■ What the task requires ■
Each line from the one with "(forall r s, 0" to the final line of the data must be reproduced exactly, and no other line may appear.

(Saved data entries)
▬▬▬

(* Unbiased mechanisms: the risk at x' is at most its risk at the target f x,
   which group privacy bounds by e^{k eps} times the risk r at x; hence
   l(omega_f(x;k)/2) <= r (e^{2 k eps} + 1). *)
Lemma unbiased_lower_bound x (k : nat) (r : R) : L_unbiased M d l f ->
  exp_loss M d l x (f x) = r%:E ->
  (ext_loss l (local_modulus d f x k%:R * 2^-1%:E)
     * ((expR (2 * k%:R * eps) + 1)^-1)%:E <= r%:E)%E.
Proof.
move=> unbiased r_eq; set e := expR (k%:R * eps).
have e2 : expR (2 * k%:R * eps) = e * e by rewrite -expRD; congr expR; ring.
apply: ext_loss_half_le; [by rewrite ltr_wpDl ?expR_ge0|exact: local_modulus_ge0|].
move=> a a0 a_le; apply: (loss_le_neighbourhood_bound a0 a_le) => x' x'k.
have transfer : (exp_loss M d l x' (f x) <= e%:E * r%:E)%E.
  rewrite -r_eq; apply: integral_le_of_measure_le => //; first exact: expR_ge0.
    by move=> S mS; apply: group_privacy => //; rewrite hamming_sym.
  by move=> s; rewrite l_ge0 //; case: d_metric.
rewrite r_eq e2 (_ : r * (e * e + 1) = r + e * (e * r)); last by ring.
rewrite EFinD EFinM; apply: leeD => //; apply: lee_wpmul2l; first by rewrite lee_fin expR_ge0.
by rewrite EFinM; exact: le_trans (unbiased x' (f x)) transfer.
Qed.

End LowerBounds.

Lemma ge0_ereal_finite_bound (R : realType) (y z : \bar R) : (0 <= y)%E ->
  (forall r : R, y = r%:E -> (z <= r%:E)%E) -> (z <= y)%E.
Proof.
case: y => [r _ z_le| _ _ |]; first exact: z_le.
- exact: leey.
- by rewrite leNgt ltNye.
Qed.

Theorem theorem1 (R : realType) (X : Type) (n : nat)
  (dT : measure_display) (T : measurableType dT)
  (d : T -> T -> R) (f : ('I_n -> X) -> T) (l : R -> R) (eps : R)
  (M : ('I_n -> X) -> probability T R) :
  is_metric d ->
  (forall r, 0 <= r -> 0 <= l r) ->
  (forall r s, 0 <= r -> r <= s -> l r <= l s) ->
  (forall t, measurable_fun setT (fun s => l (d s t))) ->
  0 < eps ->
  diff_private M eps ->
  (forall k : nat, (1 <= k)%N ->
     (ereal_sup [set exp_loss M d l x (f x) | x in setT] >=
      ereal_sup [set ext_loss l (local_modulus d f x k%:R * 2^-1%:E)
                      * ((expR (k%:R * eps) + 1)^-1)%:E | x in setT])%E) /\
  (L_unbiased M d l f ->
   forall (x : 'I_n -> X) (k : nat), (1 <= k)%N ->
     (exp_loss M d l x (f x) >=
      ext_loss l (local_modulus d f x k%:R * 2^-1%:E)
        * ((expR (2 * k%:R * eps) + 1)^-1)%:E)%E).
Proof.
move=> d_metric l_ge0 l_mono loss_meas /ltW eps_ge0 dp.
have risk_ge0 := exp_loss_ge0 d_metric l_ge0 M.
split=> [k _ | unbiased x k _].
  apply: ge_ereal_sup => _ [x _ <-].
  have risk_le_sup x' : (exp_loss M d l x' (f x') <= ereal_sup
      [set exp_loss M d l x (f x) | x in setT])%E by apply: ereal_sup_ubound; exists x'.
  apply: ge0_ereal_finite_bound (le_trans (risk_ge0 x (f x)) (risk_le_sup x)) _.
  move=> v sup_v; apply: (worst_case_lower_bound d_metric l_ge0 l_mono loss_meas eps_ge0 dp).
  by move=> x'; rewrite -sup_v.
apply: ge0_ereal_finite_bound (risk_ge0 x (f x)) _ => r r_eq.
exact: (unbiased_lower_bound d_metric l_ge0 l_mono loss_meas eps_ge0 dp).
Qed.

▬▬▬

■ Response to the task ■
  (forall r s, 0 <= r -> r <= s -> l r <= l s) ->
  (forall t, measurable_fun setT (fun s => l (d s t))) ->
  0 < eps ->
  diff_private M eps ->
  (forall k : nat, (1 <= k)%N ->
     (ereal_sup [set exp_loss M d l x (f x) | x in setT] >=
      ereal_sup [set ext_loss l (local_modulus d f x k%:R * 2^-1%:E)
                      * ((expR (k%:R * eps) + 1)^-1)%:E | x in setT])%E) /\
  (L_unbiased M d l f ->
   forall (x : 'I_n -> X) (k : nat), (1 <= k)%N ->
     (exp_loss M d l x (f x) >=
      ext_loss l (local_modulus d f x k%:R * 2^-1%:E)
        * ((expR (2 * k%:R * eps) + 1)^-1)%:E)%E).
Proof.
move=> d_metric l_ge0 l_mono loss_meas /ltW eps_ge0 dp.
have risk_ge0 := exp_loss_ge0 d_metric l_ge0 M.
split=> [k _ | unbiased x k _].
  apply: ge_ereal_sup => _ [x _ <-].
  have risk_le_sup x' : (exp_loss M d l x' (f x') <= ereal_sup
      [set exp_loss M d l x (f x) | x in setT])%E by apply: ereal_sup_ubound; exists x'.
  apply: ge0_ereal_finite_bound (le_trans (risk_ge0 x (f x)) (risk_le_sup x)) _.
  move=> v sup_v; apply: (worst_case_lower_bound d_metric l_ge0 l_mono loss_meas eps_ge0 dp).
  by move=> x'; rewrite -sup_v.
apply: ge0_ereal_finite_bound (risk_ge0 x (f x)) _ => r r_eq.
exact: (unbiased_lower_bound d_metric l_ge0 l_mono loss_meas eps_ge0 dp).
Qed.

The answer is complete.